(Stored data)

Definition shift (A : Type) (x : nat -> A) : nat -> A := fun i => x i.+1.
Definition shiftn (A : Type) (j : nat) (x : nat -> A) : nat -> A :=
  fun i => x (i + j).

Definition agree (A : Type) (n : nat) (x y : nat -> A) : Prop :=
  forall i, i < n -> x i = y i.

Definition primitive (A : finType) (tau : A -> seq A) : Prop :=
  exists n, 0 < n /\ forall a b : A, b \in sub_pow tau n [:: a].

Definition fixed_point (A : Type) (tau : A -> seq A) (u : nat -> A) : Prop :=
  u = sub_inf tau u.

(* X_tau = closure of the sigma-orbit of u in A^N (product topology,
   A discrete): x in X_tau iff every prefix of x is a prefix of some sigma^m u *)
Definition Xtau (A : Type) (u : nat -> A) (x : nat -> A) : Prop :=
  forall n, exists m, agree n x (shiftn m u).

Definition finite_words (A : Type) (S : (nat -> A) -> Prop) : Prop :=
  exists l : seq (nat -> A),
    forall x, S x -> exists i, i < size l /\ x = nth x l i.

Definition powers_injective_on_letters (A : Type) (tau : A -> seq A) : Prop :=
  forall n (a b : A), sub_pow tau n [:: a] = sub_pow tau n [:: b] -> a = b.

Definition recog_rep (A : Type) (tau : A -> seq A) (u : nat -> A)
  (x : nat -> A) (k : nat) (y : nat -> A) : Prop :=
  Xtau u y /\ k < size (tau (y 0)) /\ x = shiftn k (sub_inf tau y).

Definition unilaterally_recognizable (A : Type) (tau : A -> seq A)
  (u : nat -> A) : Prop :=
  forall x, Xtau u x ->
    exists k y, recog_rep tau u x k y /\
      forall k' y', recog_rep tau u x k' y' -> k' = k /\ y' = y.

Definition branch_point (A : Type) (u : nat -> A) (x : nat -> A) : Prop :=
  Xtau u x /\ exists y1 y2, Xtau u y1 /\ Xtau u y2 /\ y1 <> y2 /\
    shift y1 = x /\ shift y2 = x.

Definition quasi_invertible (A : Type) (u : nat -> A) : Prop :=
  exists b, branch_point u b /\ forall x, branch_point u x -> x = b.

Definition rel_open (A : Type) (X U : (nat -> A) -> Prop) : Prop :=
  forall x, U x -> exists n, forall y, X y -> agree n x y -> U y.

Definition rel_clopen (A : Type) (X U : (nat -> A) -> Prop) : Prop :=
  (forall x, U x -> X x) /\ rel_open X U /\ rel_open X (fun y => X y /\ ~ U y).

Definition height_is (A : Type) (U : (nat -> A) -> Prop) (x : nat -> A)
  (k : nat) : Prop :=
  1 <= k /\ U (shiftn k x) /\ forall i, 1 <= i -> i < k -> ~ U (shiftn i x).

Definition tower_level (A : Type) (U : (nat -> A) -> Prop) (k j : nat)
  (x : nat -> A) : Prop :=
  exists y, U y /\ height_is U y k /\ x = shiftn j y.

(* The levels are closed: h^-1(k) is cut out by shifted copies of the clopen
   set U, and its image under sigma^j is closed since X_tau is compact.  They are
   disjoint: if sigma^j y = sigma^j' y' with j < j', then y and sigma^(j'-j) y'
   (which is not in U) are distinct points whose orbits merge before time j, so
   one of them passes through a branch point, which lies in U; this contradicts
   the height of y.  They cover X_tau: the primitive fixed point u is
   recurrent, so every point of X_tau is a limit of points sigma^m u with m past
   a visit of u to U, each of which lies in some level, and a finite union of
   closed sets is closed.  Finally a partition of X_tau into finitely many
   closed sets consists of clopen sets. *)

From mathcomp Require Import all_boot zify.
From Stdlib Require Import Classical FunctionalExtensionality PropExtensionality.

Set Implicit Arguments. Unset Strict Implicit. Unset Printing Implicit Defensive.

Section Cylinders.
Variable A : Type.
Implicit Types (u x y z : nat -> A) (X S U : (nat -> A) -> Prop).

Lemma shiftn0 x : shiftn 0 x = x.
Proof. by apply: functional_extensionality => i; rewrite /shiftn addn0. Qed.

Lemma shiftnD a b x : shiftn a (shiftn b x) = shiftn (a + b) x.
Proof. by apply: functional_extensionality => i; rewrite /shiftn addnA. Qed.

Lemma shift_shiftn i x : shift (shiftn i x) = shiftn i.+1 x.
Proof. by apply: functional_extensionality => n; rewrite /shift /shiftn addSnnS. Qed.

Lemma shiftn_eq_ge i j x y : j <= i -> shiftn j x = shiftn j y -> shiftn i x = shiftn i y.
Proof. by move=> ji E; rewrite -(subnK ji) -!shiftnD E. Qed.

Lemma agree_le m n x y : agree n x y -> m <= n -> agree m x y.
Proof. by move=> H mn i im; apply: H; apply: leq_trans mn. Qed.

Lemma agree_trans n x y z : agree n x y -> agree n y z -> agree n x z.
Proof. by move=> Hxy Hyz i ni; rewrite Hxy // Hyz. Qed.

Lemma agree_shiftn n i x y : agree (n + i) x y -> agree n (shiftn i x) (shiftn i y).
Proof. by move=> H l ln; apply: H; rewrite ltn_add2r. Qed.

Lemma Xtau_shiftn u x j : Xtau u x -> Xtau u (shiftn j x).
Proof.
move=> Hx n; have [m Hm] := Hx (n + j); exists (j + m) => i ni.
by rewrite /shiftn Hm ?ltn_add2r // /shiftn addnA.
Qed.

Lemma Xtau_orbit u m : Xtau u (shiftn m u).
Proof. by move=> n; exists m. Qed.

Lemma Xtau_closed u x : (forall n, exists2 z, Xtau u z & agree n x z) -> Xtau u x.
Proof.
move=> Hx n; have [z Xz Az] := Hx n; have [m Hm] := Xz n.
by exists m; apply: agree_trans Hm.
Qed.

Definition rel_closed X S : Prop :=
  forall x, X x -> (forall n, exists2 z, S z & agree n x z) -> S x.

Lemma rel_open_compl X S : rel_closed X S -> rel_open X (fun y => X y /\ ~ S y).
Proof.
move=> HS x [Xx nSx]; apply: NNPP => Hno; apply: nSx; apply: HS => // n.
apply: NNPP => Hn; apply: Hno; exists n => y Xy Axy; split => // Sy.
by apply: Hn; exists y.
Qed.
Definition bounded_on (R : realType) (V W : lmodType R[i])
    (ipV : V -> V -> R[i]) (ipW : W -> W -> R[i]) (M : V -> Prop)
    (f : V -> W) : Prop :=
  exists c : R, forall x : V, M x -> hnorm ipW (f x) <= c * hnorm ipV x.

Definition bounded (R : realType) (V W : lmodType R[i])
    (ipV : V -> V -> R[i]) (ipW : W -> W -> R[i]) (f : V -> W) : Prop :=
  bounded_on ipV ipW (fun _ => True) f.

Definition opnorm_on (R : realType) (V W : lmodType R[i])
    (ipV : V -> V -> R[i]) (ipW : W -> W -> R[i]) (M : V -> Prop)
    (f : V -> W) : R :=
  inf (fun c : R => 0 <= c /\
         forall x : V, M x -> hnorm ipW (f x) <= c * hnorm ipV x).

Definition opnorm (R : realType) (V W : lmodType R[i])
    (ipV : V -> V -> R[i]) (ipW : W -> W -> R[i]) (f : V -> W) : R :=
  opnorm_on ipV ipW (fun _ => True) f.

Definition is_representation (R : realType) (V : lmodType R[i])
    (ip : V -> V -> R[i]) (G : Type) (op : G -> G -> G) (e : G)
    (T : G -> {linear V -> V}) : Prop :=
  [/\ forall g : G, bounded ip ip (T g),
      forall (g h : G) (x : V), T (op g h) x = T g (T h x)
    & forall x : V, T e x = x].

Definition is_subspace (R : realType) (V : lmodType R[i]) (M : V -> Prop)
  : Prop :=
  [/\ M 0, forall x y : V, M x -> M y -> M (x + y)
    & forall (a : R[i]) (x : V), M x -> M (a *: x)].

Definition is_closed_subspace (R : realType) (V : lmodType R[i])
    (ip : V -> V -> R[i]) (M : V -> Prop) : Prop :=
  is_subspace M /\
  forall (u : nat -> V) (l : V), (forall n, M (u n)) -> hcvg_to ip u l -> M l.

Definition is_invariant (R : realType) (V : lmodType R[i]) (G : Type)
    (T : G -> {linear V -> V}) (M : V -> Prop) : Prop :=
  forall (g : G) (x : V), M x -> M (T g x).

Definition ominus (R : realType) (V : lmodType R[i]) (ip : V -> V -> R[i])
    (K2 K1 : V -> Prop) : V -> Prop :=
  fun x => K2 x /\ forall y : V, K1 y -> ip x y = 0.

Definition is_orth_proj (R : realType) (V : lmodType R[i])
    (ip : V -> V -> R[i]) (M : V -> Prop) (P : V -> V) : Prop :=
  (forall x : V, M (P x)) /\
  (forall x y : V, M y -> ip (x - P x) y = 0).

From HB Require Import structures.
From mathcomp Require Import all_boot all_order all_algebra.
From mathcomp Require Import boolp classical_sets reals.
From mathcomp.real_closed Require Import complex.
From mathcomp Require Import ring lra zify.

Set Implicit Arguments.
Unset Strict Implicit.
Unset Printing Implicit Defensive.
Import Order.TTheory GRing.Theory Num.Theory.
Local Open Scope ring_scope.

(* K1 = {x | A S(g) x = 0 for all g} and K2 = {x | A S(g) x = T(g) A x for all g}
   are closed S-invariant subspaces with K1 inside K2, and B maps H into K2 with
   A B = I (take g = e).  On K2 the operator A factors through K2 / K1, so A P = A
   on K2, where P is the orthogonal projection onto K2 ⊖ K1.  Hence A restricted
   to K2 ⊖ K1 and P B are mutually inverse, ||P B|| <= ||B||, and since S(g)
   preserves K2, T(g) = A S(g) B = A P S(g) P B.  The projections come from best
   approximations, which exist by the parallelogram law and completeness. *)

Lemma conjcM (R : rcfType) (u v : R[i]) : (u * v)^*%C = u^*%C * v^*%C.
Proof. exact: rmorphM. Qed.

Lemma complex_ReD (R : rcfType) (u v : R[i]) :
  complex.Re (u + v) = complex.Re u + complex.Re v.
Proof. by case: u; case: v. Qed.

Lemma complex_ReN (R : rcfType) (u : R[i]) : complex.Re (- u) = - complex.Re u.
Proof. by case: u. Qed.

Lemma complex_ReJ (R : rcfType) (u : R[i]) : complex.Re u^*%C = complex.Re u.
Proof. by case: u. Qed.

Lemma eventually_inv_succ_lt (R : realType) (eps : R) : 0 < eps ->
  exists N : nat, forall n : nat, (N <= n)%N -> n.+1%:R^-1 < eps.
Proof.
move=> eps0; exists (Num.Def.archi_bound eps^-1) => n Nn.
have eps_inv0 : 0 <= eps^-1 by rewrite invr_ge0 ltW.
have N_le : (Num.Def.archi_bound eps^-1)%:R <= n.+1%:R :> R by rewrite ler_nat; lia.
rewrite -[eps]invrK ltf_pV2 ?posrE ?ltr0Sn ?invr_gt0 //.
exact: lt_le_trans (archi_boundP eps_inv0) N_le.
Qed.

Definition sqnorm (R : realType) (V : lmodType R[i]) (ip : V -> V -> R[i])
    (x : V) : R := complex.Re (ip x x).

Section InnerProduct.
Variables (R : realType) (V : lmodType R[i]) (ip : V -> V -> R[i]).
Hypothesis hip : is_inner_product ip.
Local Notation sqnorm := (sqnorm ip).
Local Notation hnorm := (hnorm ip).

Lemma ipDl x y z : ip (x + y) z = ip x z + ip y z.
Proof. by case: hip => lin _ _ _; have := lin 1 x y z; rewrite scale1r mul1r. Qed.

Lemma ip0l z : ip 0 z = 0.
Proof. by apply: (addrI (ip 0 z)); rewrite -ipDl !addr0. Qed.

Lemma ipZl a x z : ip (a *: x) z = a * ip x z.
Proof. by case: hip => lin _ _ _; have := lin a x 0 z; rewrite !addr0 ip0l addr0. Qed.

Lemma ipNl x z : ip (- x) z = - ip x z.
Proof. by rewrite -scaleN1r ipZl mulN1r. Qed.

Lemma ipBl x y z : ip (x - y) z = ip x z - ip y z.
Proof. by rewrite ipDl ipNl. Qed.

Lemma ipC x y : ip y x = (ip x y)^*%C.
Proof. by case: hip. Qed.

Lemma ipDr x y z : ip x (y + z) = ip x y + ip x z.
Proof. by rewrite ipC ipDl rmorphD /= -!ipC. Qed.

Lemma ipZr a x z : ip x (a *: z) = a^*%C * ip x z.
Proof. by rewrite ipC ipZl rmorphM /= -ipC. Qed.

Lemma ipNr x z : ip x (- z) = - ip x z.
Proof. by rewrite ipC ipNl rmorphN /= -ipC. Qed.

Lemma ipBr x y z : ip x (y - z) = ip x y - ip x z.
Proof. by rewrite ipDr ipNr. Qed.

Lemma ip_sqnorm x : ip x x = (sqnorm x)%:C%C.
Proof.
case: hip => _ _ ge0 _; have := ge0 x; rewrite /sqnorm.
by case: (ip x x) => a b; rewrite lecE /= => /andP[/eqP -> _].
Qed.

Lemma sqnorm_ge0 x : 0 <= sqnorm x.
Proof. by case: hip => _ _ ge0 _; move: (ge0 x); rewrite lecE => /andP[]. Qed.

Lemma sqnorm_eq0 x : sqnorm x = 0 -> x = 0.
Proof. by case: hip => _ _ _ def x0; apply: def; rewrite ip_sqnorm x0. Qed.

Lemma sqnorm0 : sqnorm 0 = 0.
Proof. by rewrite /sqnorm ip0l. Qed.

Lemma sqnormD x y : sqnorm (x + y) = sqnorm x + sqnorm y + 2 * complex.Re (ip x y).
Proof. by rewrite /sqnorm ipDl !ipDr !complex_ReD [ip y x]ipC complex_ReJ; ring. Qed.

Lemma sqnormN x : sqnorm (- x) = sqnorm x.
Proof. by rewrite /sqnorm ipNl ipNr opprK. Qed.

Lemma sqnormB x y : sqnorm (x - y) = sqnorm x + sqnorm y - 2 * complex.Re (ip x y).
Proof. by rewrite sqnormD sqnormN ipNr complex_ReN mulrN. Qed.

Lemma sqnorm_parallelogram x y :
  sqnorm (x + y) + sqnorm (x - y) = 2 * sqnorm x + 2 * sqnorm y.
Proof. by rewrite sqnormD sqnormB; ring. Qed.

Lemma sqnormD_le x y : sqnorm (x + y) <= 2 * sqnorm x + 2 * sqnorm y.
Proof. by rewrite -sqnorm_parallelogram lerDl sqnorm_ge0. Qed.

Lemma hnorm0 : hnorm 0 = 0.
Proof. by rewrite /hnorm -/(sqnorm 0) sqnorm0 sqrtr0. Qed.

Lemma hnorm_le x y : sqnorm x <= sqnorm y -> hnorm x <= hnorm y.
Proof. by move=> le_xy; rewrite /hnorm ler_sqrt // sqnorm_ge0. Qed.

Lemma hnorm_lt x eps : 0 < eps -> (hnorm x < eps) = (sqnorm x < eps ^+ 2).
Proof.
move=> eps0; rewrite /hnorm -{1}(ger0_norm (ltW eps0)) -sqrtr_sqr ltr_sqrt //.
exact: exprn_gt0.
Qed.

Lemma hcvgP u l : hcvg_to ip u l <->
  forall eps, 0 < eps -> exists N, forall n, (N <= n)%N -> sqnorm (u n - l) < eps.
Proof.
split=> cvg_ul eps eps0.
  have [N uN] := cvg_ul (Num.sqrt eps) (etrans (sqrtr_gt0 _) eps0).
  by exists N => n /uN; rewrite hnorm_lt ?sqrtr_gt0 // sqr_sqrtr // ltW.
have [N uN] := cvg_ul (eps ^+ 2) (exprn_gt0 _ eps0).
by exists N => n /uN; rewrite hnorm_lt.
Qed.

Lemma hcauchyP u : hcauchy ip u <->
  forall eps, 0 < eps -> exists N, forall m n, (N <= m)%N -> (N <= n)%N ->
    sqnorm (u m - u n) < eps.
Proof.
split=> cauchy_u eps eps0.
  have [N uN] := cauchy_u (Num.sqrt eps) (etrans (sqrtr_gt0 _) eps0).
  exists N => m n Nm /(uN _ _ Nm).
  by rewrite hnorm_lt ?sqrtr_gt0 // sqr_sqrtr // ltW.
have [N uN] := cauchy_u (eps ^+ 2) (exprn_gt0 _ eps0).
by exists N => m n Nm /(uN _ _ Nm); rewrite hnorm_lt.
Qed.

Lemma hcvg_unique u l l' : hcvg_to ip u l -> hcvg_to ip u l' -> l = l'.
Proof.
move=> /hcvgP cvg_l /hcvgP cvg_l'; apply/eqP; rewrite -subr_eq0; apply/eqP/sqnorm_eq0.
apply/le_anti; rewrite sqnorm_ge0 andbT; apply/ler_addgt0Pr => eps eps0.
have eps4 : 0 < eps / 4 by rewrite divr_gt0.
have [N uN] := cvg_l _ eps4; have [N' uN'] := cvg_l' _ eps4.
have := uN (maxn N N') (leq_maxl _ _); have := uN' (maxn N N') (leq_maxr _ _).
set v := u _ => near_l' near_l.
have -> : l - l' = (v - l') - (v - l) by rewrite opprB [RHS]addrC addrA subrK.
have := sqnormD_le (v - l') (- (v - l)); rewrite sqnormN; lra.
Qed.

Lemma subspaceB (M : V -> Prop) x y : is_subspace M -> M x -> M y -> M (x - y).
Proof. by case=> _ MD MZ Mx My; apply: MD => //; rewrite -scaleN1r; exact: MZ. Qed.

Lemma orth_proj_unique (M : V -> Prop) x a b : is_subspace M -> M a -> M b ->
    (forall m, M m -> ip (x - a) m = 0) -> (forall m, M m -> ip (x - b) m = 0) ->
  a = b.
Proof.
move=> subM Ma Mb orth_a orth_b; apply/eqP; rewrite -subr_eq0; apply/eqP.
case: hip => _ _ _; apply.
have E : a - b = (x - b) - (x - a) by rewrite opprB [RHS]addrC addrA subrK.
have Mab := subspaceB subM Ma Mb.
by rewrite {1}E ipBl orth_b ?orth_a // subrr.
Qed.

Lemma best_approx_orth (M : V -> Prop) z : is_subspace M ->
  (forall w, M w -> sqnorm z <= sqnorm (z - w)) -> forall m, M m -> ip z m = 0.
Proof.
case=> _ _ MZ z_min m Mm; set c := ip z m.
have m_ge0 := sqnorm_ge0 m.
pose r := (sqnorm m + 1)^-1.
have r_gt0 : 0 < r by rewrite invr_gt0; lra.
have r_small : r * sqnorm m < 1 by rewrite mulrC ltr_pdivrMr ?mul1r; lra.
(* moving z by a small multiple of c m lowers its norm unless c = 0 *)
have decrease : (sqnorm (z - (r%:C%C * c) *: m))%:C%C
    = (sqnorm z)%:C%C - (r * (2 - r * sqnorm m))%:C%C * (c * c^*%C).
  rewrite -!ip_sqnorm ipBl !ipBr ipZl !ipZr ipZl [ip m z]ipC -/c conjcM conjc_real.
  have realM (a b : R) : (a * b)%:C%C = a%:C%C * b%:C%C by exact: rmorphM.
  have realB (a b : R) : (a - b)%:C%C = a%:C%C - b%:C%C by exact: rmorphB.
  have real2 : (2 : R)%:C%C = 2 by rewrite -[2]/(2%:R) rmorph_nat.
  rewrite !ip_sqnorm realM realB real2 realM.
  by move: r%:C%C c c^*%C (sqnorm z)%:C%C (sqnorm m)%:C%C => *; ring.
have := z_min _ (MZ (r%:C%C * c) _ Mm); rewrite -lecR decrease -subr_ge0.
rewrite addrAC subrr add0r oppr_ge0 pmulr_rle0; last first.
  by rewrite ltcR mulr_gt0 //; lra.
move=> cc_le0; have /eqP : c * c^*%C = 0 by apply/le_anti; rewrite cc_le0 mulcJ_ge0.
by rewrite mulf_eq0 conjc_eq0 orbb => /eqP.
Qed.

Section BestApproximation.
Hypothesis complete : forall u, hcauchy ip u -> exists l, hcvg_to ip u l.
Variables (M : V -> Prop) (x : V).
Hypothesis closedM : is_closed_subspace ip M.

Let d := inf ((fun m => sqnorm (x - m)) @` M).

Lemma dist_le m : M m -> d <= sqnorm (x - m).
Proof.
move=> Mm; apply: ge_inf; last by exists m.
by exists 0 => _ [w _ <-]; exact: sqnorm_ge0.
Qed.

Lemma exists_minimizing_seq : exists f : nat -> V,
  (forall n, M (f n)) /\ forall n, sqnorm (x - f n) < d + n.+1%:R^-1.
Proof.
have near n : exists m, M m /\ sqnorm (x - m) < d + n.+1%:R^-1.
  have n_gt0 : 0 < n.+1%:R^-1 :> R by rewrite invr_gt0 ltr0Sn.
  have [|_ [m Mm <-] m_near] := inf_adherent (E := (fun m => sqnorm (x - m)) @` M) n_gt0.
    split; first by exists (sqnorm (x - 0)), 0 => //; case: closedM => -[].
    by exists 0 => _ [w _ <-]; exact: sqnorm_ge0.
  by exists m.
by have [f f_near] := choice near; exists f; split => n; case: (f_near n).
Qed.

Lemma dist_parallelogram a b : M a -> M b ->
  sqnorm (a - b) <= 2 * sqnorm (x - a) + 2 * sqnorm (x - b) - 4 * d.
Proof.
case: closedM => -[_ MD MZ] _ Ma Mb.
set y := x - 2^-1 *: (a + b).
have := dist_le (MZ 2^-1 _ (MD _ _ Ma Mb)); rewrite -/y.
have half : 2^-1 + 2^-1 = 1 :> R[i].
  have two_neq0 : 2 != 0 :> R[i] by rewrite pnatr_eq0.
  by field.
have sum : (x - a) + (x - b) = y + y.
  by rewrite /y addrACA [RHS]addrACA -!opprD -scalerDl half scale1r.
have diff : (x - a) - (x - b) = - (a - b) by rewrite opprB addrC addrA subrK opprB.
have := sqnorm_parallelogram (x - a) (x - b).
rewrite sum diff sqnormN sqnormD -[complex.Re (ip y y)]/(sqnorm y); lra.
Qed.

Section MinimizingSequence.
Variable f : nat -> V.
Hypotheses (Mf : forall n, M (f n))
  (f_near : forall n, sqnorm (x - f n) < d + n.+1%:R^-1).

Lemma minimizing_cauchy : hcauchy ip f.
Proof.
apply/hcauchyP => eps eps0.
have eps4 : 0 < eps / 4 by rewrite divr_gt0.
have [N N_small] := eventually_inv_succ_lt eps4.
exists N => m n Nm Nn; have := dist_parallelogram (Mf m) (Mf n).
have := f_near m; have := f_near n; have := N_small _ Nm; have := N_small _ Nn.
(* lra does not accept the nat casts in [n.+1%:R^-1] as atoms *)
by move: (m.+1%:R^-1 : R) (n.+1%:R^-1 : R) => *; lra.
Qed.

Lemma minimizing_limit_le y : hcvg_to ip f y -> sqnorm (x - y) <= d.
Proof.
move=> cvg_y; have My := closedM.2 _ _ Mf cvg_y; have [_ MD _] := closedM.1.
apply/ler_addgt0Pr => eps eps0; have eps4 : 0 < eps / 4 by rewrite divr_gt0.
have [N1 N1_small] := eventually_inv_succ_lt eps4.
have [N2 N2_near] := (hcvgP _ _).1 cvg_y _ eps4.
set n := maxn N1 N2; have := N1_small n (leq_maxl _ _); have := N2_near n (leq_maxr _ _).
(* the reflection 2 f n - y of y through f n lies in M, hence is at least d away from x *)
have := dist_le (subspaceB closedM.1 (MD _ _ (Mf n) (Mf n)) My).
have := sqnorm_parallelogram (x - f n) (f n - y); rewrite addrA subrK.
have -> : x - f n - (f n - y) = x - (f n + f n - y).
  by rewrite opprB [in RHS]opprB opprD !addrA [x - f n + y]addrAC.
have := f_near n.
by move: (n.+1%:R^-1 : R) => *; lra.
Qed.

End MinimizingSequence.

Lemma exists_best_approx :
  exists2 y, M y & forall m, M m -> sqnorm (x - y) <= sqnorm (x - m).
Proof.
have [f [Mf f_near]] := exists_minimizing_seq.
have [y cvg_y] := complete (minimizing_cauchy Mf f_near).
exists y; first exact: closedM.2 _ _ Mf cvg_y.
by move=> m Mm; apply: le_trans (minimizing_limit_le Mf f_near cvg_y) (dist_le Mm).
Qed.

End BestApproximation.

Section OrthogonalProjection.
Variables (M : V -> Prop) (P : V -> V).
Hypotheses (subM : is_subspace M) (projP : is_orth_proj ip M P).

__Exercise directions__:
Count the lines above that contain "ipZl", and give only the number.

__Answer box__:
4